WORK ITEM | Report how many lines of the data below contain "Import". Give nothing besides the number.

(EXTRACTED DATA Opens)

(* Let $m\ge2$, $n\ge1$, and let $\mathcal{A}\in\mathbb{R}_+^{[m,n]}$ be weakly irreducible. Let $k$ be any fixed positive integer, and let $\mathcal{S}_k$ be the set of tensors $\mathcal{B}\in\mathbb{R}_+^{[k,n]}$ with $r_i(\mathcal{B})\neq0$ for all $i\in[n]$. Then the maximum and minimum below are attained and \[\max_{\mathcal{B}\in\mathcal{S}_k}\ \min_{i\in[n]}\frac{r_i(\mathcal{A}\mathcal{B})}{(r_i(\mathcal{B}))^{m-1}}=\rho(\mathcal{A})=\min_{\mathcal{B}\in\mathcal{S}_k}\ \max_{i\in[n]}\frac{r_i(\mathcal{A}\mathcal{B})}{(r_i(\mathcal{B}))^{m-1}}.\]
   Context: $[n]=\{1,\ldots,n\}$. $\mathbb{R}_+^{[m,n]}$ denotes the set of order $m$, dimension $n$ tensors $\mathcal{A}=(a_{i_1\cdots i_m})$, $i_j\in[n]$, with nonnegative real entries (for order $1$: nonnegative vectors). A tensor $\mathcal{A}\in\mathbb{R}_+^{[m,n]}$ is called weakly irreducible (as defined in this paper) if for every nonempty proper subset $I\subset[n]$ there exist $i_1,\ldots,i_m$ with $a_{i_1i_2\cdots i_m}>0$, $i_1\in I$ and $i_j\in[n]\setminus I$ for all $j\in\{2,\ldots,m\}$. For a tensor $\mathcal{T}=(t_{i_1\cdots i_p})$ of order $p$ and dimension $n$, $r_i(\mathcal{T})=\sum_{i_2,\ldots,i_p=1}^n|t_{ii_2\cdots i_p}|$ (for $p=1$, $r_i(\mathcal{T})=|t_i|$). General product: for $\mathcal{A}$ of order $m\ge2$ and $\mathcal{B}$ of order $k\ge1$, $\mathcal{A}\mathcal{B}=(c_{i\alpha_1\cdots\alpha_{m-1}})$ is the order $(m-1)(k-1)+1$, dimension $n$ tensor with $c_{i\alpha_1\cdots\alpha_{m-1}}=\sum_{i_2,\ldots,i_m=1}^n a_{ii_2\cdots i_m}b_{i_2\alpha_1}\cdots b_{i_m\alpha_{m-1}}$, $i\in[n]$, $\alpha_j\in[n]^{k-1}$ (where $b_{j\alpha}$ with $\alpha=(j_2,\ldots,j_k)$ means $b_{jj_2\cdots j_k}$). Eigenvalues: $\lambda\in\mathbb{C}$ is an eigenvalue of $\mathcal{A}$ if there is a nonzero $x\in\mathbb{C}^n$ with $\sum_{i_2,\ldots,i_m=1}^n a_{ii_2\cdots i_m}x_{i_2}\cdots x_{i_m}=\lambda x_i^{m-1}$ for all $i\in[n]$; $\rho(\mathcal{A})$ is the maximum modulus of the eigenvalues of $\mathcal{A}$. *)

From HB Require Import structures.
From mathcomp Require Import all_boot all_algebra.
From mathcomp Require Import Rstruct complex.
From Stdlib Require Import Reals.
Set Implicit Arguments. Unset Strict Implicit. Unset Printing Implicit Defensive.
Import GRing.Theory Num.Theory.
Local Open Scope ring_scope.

(EXTRACTED DATA Closes)
(EXTRACTED DATA Opens)

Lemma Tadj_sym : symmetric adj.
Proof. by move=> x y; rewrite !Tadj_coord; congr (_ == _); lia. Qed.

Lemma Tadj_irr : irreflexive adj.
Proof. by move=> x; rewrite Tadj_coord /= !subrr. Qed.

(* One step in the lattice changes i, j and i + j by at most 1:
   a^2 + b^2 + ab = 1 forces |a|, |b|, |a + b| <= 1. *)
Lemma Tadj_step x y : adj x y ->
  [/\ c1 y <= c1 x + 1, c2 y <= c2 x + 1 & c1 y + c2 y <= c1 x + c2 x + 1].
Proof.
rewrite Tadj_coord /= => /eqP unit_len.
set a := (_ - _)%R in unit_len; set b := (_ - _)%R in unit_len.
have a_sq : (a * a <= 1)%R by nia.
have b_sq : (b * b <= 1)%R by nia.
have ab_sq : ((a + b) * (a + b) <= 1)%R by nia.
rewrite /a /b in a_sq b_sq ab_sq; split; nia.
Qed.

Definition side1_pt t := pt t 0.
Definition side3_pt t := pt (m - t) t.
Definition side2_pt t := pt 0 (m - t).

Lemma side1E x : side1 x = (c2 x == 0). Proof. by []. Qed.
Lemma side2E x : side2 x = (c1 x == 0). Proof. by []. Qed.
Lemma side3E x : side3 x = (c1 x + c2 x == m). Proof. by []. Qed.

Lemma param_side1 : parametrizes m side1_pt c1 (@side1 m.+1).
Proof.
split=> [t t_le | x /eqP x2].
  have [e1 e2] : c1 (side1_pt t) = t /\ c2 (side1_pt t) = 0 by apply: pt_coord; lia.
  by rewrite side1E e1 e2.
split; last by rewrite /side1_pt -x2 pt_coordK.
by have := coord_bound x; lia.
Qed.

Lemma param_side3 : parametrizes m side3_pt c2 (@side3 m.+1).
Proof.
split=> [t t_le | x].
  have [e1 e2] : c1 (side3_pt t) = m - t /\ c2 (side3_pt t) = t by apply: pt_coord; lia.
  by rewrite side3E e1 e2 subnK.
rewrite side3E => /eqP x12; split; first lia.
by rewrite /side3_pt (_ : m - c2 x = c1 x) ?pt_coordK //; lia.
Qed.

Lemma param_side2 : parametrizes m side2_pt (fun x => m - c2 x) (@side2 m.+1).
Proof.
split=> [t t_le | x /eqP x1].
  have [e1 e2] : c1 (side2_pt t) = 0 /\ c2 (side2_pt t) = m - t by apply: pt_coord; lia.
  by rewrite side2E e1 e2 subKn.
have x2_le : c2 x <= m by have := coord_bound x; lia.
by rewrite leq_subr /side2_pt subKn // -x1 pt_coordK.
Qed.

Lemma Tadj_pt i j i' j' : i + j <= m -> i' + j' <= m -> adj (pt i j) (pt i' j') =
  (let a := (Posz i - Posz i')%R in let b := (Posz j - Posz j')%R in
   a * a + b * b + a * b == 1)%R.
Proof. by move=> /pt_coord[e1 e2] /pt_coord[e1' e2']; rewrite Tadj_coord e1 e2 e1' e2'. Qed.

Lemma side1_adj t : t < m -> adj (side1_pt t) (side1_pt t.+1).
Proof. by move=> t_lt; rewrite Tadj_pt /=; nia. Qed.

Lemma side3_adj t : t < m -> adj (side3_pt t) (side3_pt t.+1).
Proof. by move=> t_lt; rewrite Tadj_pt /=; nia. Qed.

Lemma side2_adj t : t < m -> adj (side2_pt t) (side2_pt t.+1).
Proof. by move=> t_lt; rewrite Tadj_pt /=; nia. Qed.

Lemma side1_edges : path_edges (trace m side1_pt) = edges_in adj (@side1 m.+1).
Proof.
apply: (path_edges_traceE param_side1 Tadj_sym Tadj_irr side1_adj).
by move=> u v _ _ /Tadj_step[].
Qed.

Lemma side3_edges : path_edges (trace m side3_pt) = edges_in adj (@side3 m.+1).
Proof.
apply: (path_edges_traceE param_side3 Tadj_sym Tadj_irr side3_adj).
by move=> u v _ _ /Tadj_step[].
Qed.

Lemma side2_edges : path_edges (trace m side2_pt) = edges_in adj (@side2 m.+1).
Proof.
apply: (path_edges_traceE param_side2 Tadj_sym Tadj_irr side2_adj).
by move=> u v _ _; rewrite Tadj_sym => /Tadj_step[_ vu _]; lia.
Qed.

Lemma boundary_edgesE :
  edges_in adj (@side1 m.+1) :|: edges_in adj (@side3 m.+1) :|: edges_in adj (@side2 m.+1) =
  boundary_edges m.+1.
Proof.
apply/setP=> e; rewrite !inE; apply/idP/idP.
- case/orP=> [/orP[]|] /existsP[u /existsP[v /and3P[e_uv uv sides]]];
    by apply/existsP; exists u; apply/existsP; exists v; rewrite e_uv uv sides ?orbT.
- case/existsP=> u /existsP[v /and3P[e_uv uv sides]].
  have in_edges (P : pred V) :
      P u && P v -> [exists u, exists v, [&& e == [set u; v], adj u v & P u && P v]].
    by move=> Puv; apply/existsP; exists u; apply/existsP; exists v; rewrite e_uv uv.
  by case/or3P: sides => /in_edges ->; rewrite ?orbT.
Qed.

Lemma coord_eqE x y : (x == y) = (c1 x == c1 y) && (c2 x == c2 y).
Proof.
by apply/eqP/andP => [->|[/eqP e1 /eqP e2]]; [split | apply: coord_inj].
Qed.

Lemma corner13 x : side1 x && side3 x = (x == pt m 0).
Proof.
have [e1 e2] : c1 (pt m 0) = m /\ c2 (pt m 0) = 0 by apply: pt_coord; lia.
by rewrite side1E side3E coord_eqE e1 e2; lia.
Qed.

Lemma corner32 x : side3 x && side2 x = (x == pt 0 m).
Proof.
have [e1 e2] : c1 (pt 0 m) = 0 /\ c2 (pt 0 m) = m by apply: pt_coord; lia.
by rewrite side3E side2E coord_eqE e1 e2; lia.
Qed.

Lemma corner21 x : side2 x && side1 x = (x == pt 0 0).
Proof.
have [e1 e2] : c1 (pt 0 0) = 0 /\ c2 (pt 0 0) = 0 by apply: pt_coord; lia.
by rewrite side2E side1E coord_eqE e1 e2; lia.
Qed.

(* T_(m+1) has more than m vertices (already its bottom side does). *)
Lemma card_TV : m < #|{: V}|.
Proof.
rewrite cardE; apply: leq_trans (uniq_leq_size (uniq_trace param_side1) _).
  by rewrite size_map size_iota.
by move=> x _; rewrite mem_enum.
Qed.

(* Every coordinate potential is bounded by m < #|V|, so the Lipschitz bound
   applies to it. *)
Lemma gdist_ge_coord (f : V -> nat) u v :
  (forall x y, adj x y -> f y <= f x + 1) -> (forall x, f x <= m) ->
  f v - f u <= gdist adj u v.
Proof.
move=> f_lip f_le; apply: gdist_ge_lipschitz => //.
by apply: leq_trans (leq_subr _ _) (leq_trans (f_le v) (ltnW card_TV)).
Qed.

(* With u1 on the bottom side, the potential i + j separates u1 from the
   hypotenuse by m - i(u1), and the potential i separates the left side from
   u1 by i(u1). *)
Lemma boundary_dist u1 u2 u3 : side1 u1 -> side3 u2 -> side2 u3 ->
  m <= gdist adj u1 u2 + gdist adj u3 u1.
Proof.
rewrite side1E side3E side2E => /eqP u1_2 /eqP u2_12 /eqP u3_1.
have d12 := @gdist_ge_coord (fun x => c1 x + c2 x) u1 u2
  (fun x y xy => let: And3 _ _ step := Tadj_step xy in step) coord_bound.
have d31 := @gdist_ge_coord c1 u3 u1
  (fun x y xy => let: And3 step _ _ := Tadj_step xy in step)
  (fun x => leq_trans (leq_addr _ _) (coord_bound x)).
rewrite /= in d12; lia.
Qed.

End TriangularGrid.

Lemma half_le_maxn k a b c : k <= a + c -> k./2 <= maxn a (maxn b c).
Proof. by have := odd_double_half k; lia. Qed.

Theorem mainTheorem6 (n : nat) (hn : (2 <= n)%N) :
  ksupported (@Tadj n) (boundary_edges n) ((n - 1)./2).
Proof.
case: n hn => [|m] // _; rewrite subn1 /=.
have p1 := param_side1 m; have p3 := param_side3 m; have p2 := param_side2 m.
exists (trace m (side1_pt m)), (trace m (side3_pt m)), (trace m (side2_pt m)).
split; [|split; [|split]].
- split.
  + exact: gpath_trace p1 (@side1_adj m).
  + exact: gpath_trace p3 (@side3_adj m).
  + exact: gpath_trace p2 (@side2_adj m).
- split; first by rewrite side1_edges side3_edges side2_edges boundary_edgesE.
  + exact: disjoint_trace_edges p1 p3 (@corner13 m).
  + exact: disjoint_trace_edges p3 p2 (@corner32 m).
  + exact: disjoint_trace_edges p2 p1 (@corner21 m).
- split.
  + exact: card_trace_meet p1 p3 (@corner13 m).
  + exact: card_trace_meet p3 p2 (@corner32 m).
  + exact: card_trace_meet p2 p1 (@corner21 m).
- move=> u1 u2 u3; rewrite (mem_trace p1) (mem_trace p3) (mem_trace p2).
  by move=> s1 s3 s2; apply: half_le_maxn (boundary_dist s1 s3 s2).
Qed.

(EXTRACTED DATA Closes)

ANSWER | 5